Lemma approximants_nonempty x : nonempty L (approximants x).
Proof.
  pose proof topology as [_ [_ O_const]].
  apply top_le_eq.
  apply (le_trans_via (meet (top L) (const L (top L) x))); [unfold const; lattice |].
  apply lsc_open_meet_le; auto; intros B w HB Hw.
  apply (le_jn w), (le_trans_via (interior L O B x)); [lattice |].
  apply interior_le_approximants; auto.
Qed.

Lemma spec_trans_interior_focus a w1 B1 w :
  focus B1 w1 -> le (meet (e a w1) (interior L O B1 w)) (e a w).
Proof.
  intros Hw1; apply (le_trans_via (meet (e a w1) (e w1 w))); [| apply spec_trans].
  apply meet_mono; [apply le_refl |].
  apply (le_trans_via (B1 w)); [apply interior_le | apply focus_le_spec; auto].
Qed.

Lemma approximants_directed x : directed L e (approximants x).
Proof.
  split; [apply approximants_nonempty |]; intros a b.
  apply meet_supl_le; intros s1 [B1 [w1 [HB1 [Hw1 ->]]]].
  apply meet_supr_le; intros s2 [B2 [w2 [HB2 [Hw2 ->]]]].
  set (W := fun y => meet (interior L O B1 y) (interior L O B2 y)).
  assert (HW : O W) by (apply (proj1 topology); apply interior_open).
  apply (le_trans_via (meet (meet (e a w1) (e b w2)) (W x))); [unfold W; lattice |].
  apply lsc_open_meet_le; auto; intros B w HB Hw.
  apply (le_jn w); apply meet_glb.
  - apply (le_trans_via (interior L O B x)); [lattice |].
    apply interior_le_approximants; auto.
  - unfold W; apply meet_glb.
    + apply (le_trans_via (meet (e a w1) (interior L O B1 w))); [lattice |].
      apply spec_trans_interior_focus; auto.
    + apply (le_trans_via (meet (e b w2) (interior L O B2 w))); [lattice |].
      apply spec_trans_interior_focus; auto.
Qed.

Lemma approximants_lower_set x : lower_set L e (approximants x).
Proof.
  intros z y; apply meet_supl_le; intros s [B [w [HB [Hw ->]]]].
  apply (le_trans_via (meet (interior L O B x) (e y w))).
  - apply meet_glb; [lattice |].
    apply (le_trans_via (meet (e y z) (e z w))); [lattice | apply spec_trans].
  - apply sup_ub; exists B, w; auto.
Qed.

Lemma approximants_ideal x : ideal L e (approximants x).
Proof. split; [apply approximants_directed | apply approximants_lower_set]. Qed.

Lemma approximants_lsup x : is_lsup L e (approximants x) x.
Proof.
  intros y; apply le_antisym.
  - apply le_subd; intros z; unfold downset.
    apply (le_trans_via (meet (e z x) (e x y))); [| apply spec_trans].
    apply meet_glb; [| lattice].
    apply (le_trans_via (approximants x z)); [lattice | apply approximants_le_spec].
  - apply le_spec; intros U HU; apply lsc_open_meet_le; auto; intros B w HB Hw.
    apply (le_trans_via (meet (e w y) (U w))); [| apply spec_mp; auto].
    apply meet_glb; [| lattice].
    apply (le_trans_via (meet (subd L (approximants x) (downset L e y)) (approximants x w))).
    + apply meet_glb; [lattice |].
      apply (le_trans_via (interior L O B x)); [lattice |].
      apply interior_le_approximants; auto.
    + apply (subd_mp (approximants x) (downset L e y) w).
Qed.

Lemma waybelow_approximants x : waybelow L e x = approximants x.
Proof.
  apply functional_extensionality; intros z; apply le_antisym.
  - apply (le_trans_via _ (mt_lb _ _ (exist _ (approximants x, x)
             (conj (approximants_ideal x) (approximants_lsup x))))); simpl.
    rewrite spec_refl.
    apply (le_trans_via (meet (imp (top L) (approximants x z)) (top L)));
      [lattice | apply imp_mp].
  - apply mt_glb; intros [[J s] [HJ Hs]]; simpl in *; apply imp_adj.
    apply meet_supl_le; intros a [B [w [HB [Hw ->]]]].
    apply (le_trans_via (meet (J w) (e z w))); [| apply (proj2 HJ)].
    apply meet_glb; [| lattice].
    apply (le_trans_via (interior L O B s)).
    + apply (le_trans_via (meet (e x s) (interior L O B x))); [lattice |].
      apply spec_mp, interior_open.
    + apply focus_interior_le_ideal; auto.
Qed.

End SpecializationOrder.

Theorem proposition4p6 (L : frame) (X : Type) (O : (X -> L) -> Prop) :
  is_Ltopology L O ->
  locally_super_compact L O ->
  L_sober L O ->
  continuous_L_dcpo L (spec L O).
Proof.
  intros HT HL HS; split; [split |].
  - apply spec_order; exact HS.
  - intros D HD; destruct (directed_lsup_open L X O HS D HD) as [s [Hs _]].
    exists s; exact Hs.
  - intros x; rewrite (waybelow_approximants L X O HS HT HL x).
    split; [apply approximants_directed | apply approximants_lsup]; assumption.
Qed.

**********

▶ [Work required] Looking at the listing above, how many of its lines contain the string "unfold"? Give the number alone.

▶ [Answer space] 4